◆ Task objective
Whenever a line in the entries includes the word "case", copy that line out.

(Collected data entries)
+--
Lemma gpd_gen_rev (h : degseq) l : gpd_rev (gpd_gen h l) = gpd_gen (degseq_rev h) (letter_rev l).
Proof.
case: l => i b; rewrite /letter_rev /=.
have [hi|hi] := boolP (i.+1 < n)%N; last by rewrite !gpd_gen_out ?gpd_rev_id ?(negbTE hi).
set i1 := insubd i i.+1; set m := insubd i (n - i.+2).
have val_m : val m = (n - i.+2)%N by rewrite /m val_insubd; apply/ifT; lia.
have hm : (m.+1 < n)%N by rewrite val_m; lia.
set m1 := insubd m m.+1.
have rev_i : rev_ord i = m1 by apply: val_inj; rewrite /= val_succ_ord // val_m; lia.
have rev_i1 : rev_ord i1 = m by apply: val_inj; rewrite /= val_succ_ord // val_m; lia.
have hp : rev_perm * tperm i i1 * rev_perm = tperm m m1.
  by rewrite rev_perm_tpermJ rev_i rev_i1 tpermC.
case: b => /=; rewrite ?gpd_gen_pos ?gpd_gen_neg //; apply: gpdP => [|k] //=.
- by rewrite !ffunE rev_ord_eq rev_i -/m1 -rev_i rev_ordK invgK.
- by rewrite !ffunE -/i1 rev_ord_eq rev_i1 -rev_i1 rev_ordK.
Qed.

Lemma induced_rev (g : degseq) w :
  induced (degseq_rev g) (map letter_rev w) = gpd_rev (induced g w).
Proof.
elim/last_ind: w => [|w l IH]; first by rewrite /= gpd_rev_id.
by rewrite map_rcons !induced_rcons !gpd_step_comp IH gpd_revM gpd_gen_rev gpd_tgt_rev.
Qed.

Lemma induced_inv (g : degseq) w :
  exists w', induced (gpd_tgt g (induced g w)) w' = gpd_inv (induced g w).
Proof.
elim/last_ind: w => [|w l [w' IH]].
  by exists [::]; rewrite /= gpd_tgt_id; apply: gpd_inv_uniq; rewrite gpd_comp1t.
set t := induced g w; set e := gpd_gen (gpd_tgt g t) l.
have -> : induced g (rcons w l) = gpd_comp e t by rewrite induced_rcons gpd_step_comp.
exists (letter_inv l :: w'); rewrite -cat1s induced_cat.
have -> : induced (gpd_tgt g (gpd_comp e t)) [:: letter_inv l] = gpd_inv e.
  by apply: gpd_inv_uniq; rewrite gpd_tgtM; exact: gpd_gen_inv.
by rewrite -gpd_tgtM gpd_compA gpd_compVt gpd_comp1t IH gpd_invM.
Qed.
+--
◆ Exercise output
case: l => i b; rewrite /letter_rev /=.
case: b => /=; rewrite ?gpd_gen_pos ?gpd_gen_neg //; apply: gpdP => [|k] //=.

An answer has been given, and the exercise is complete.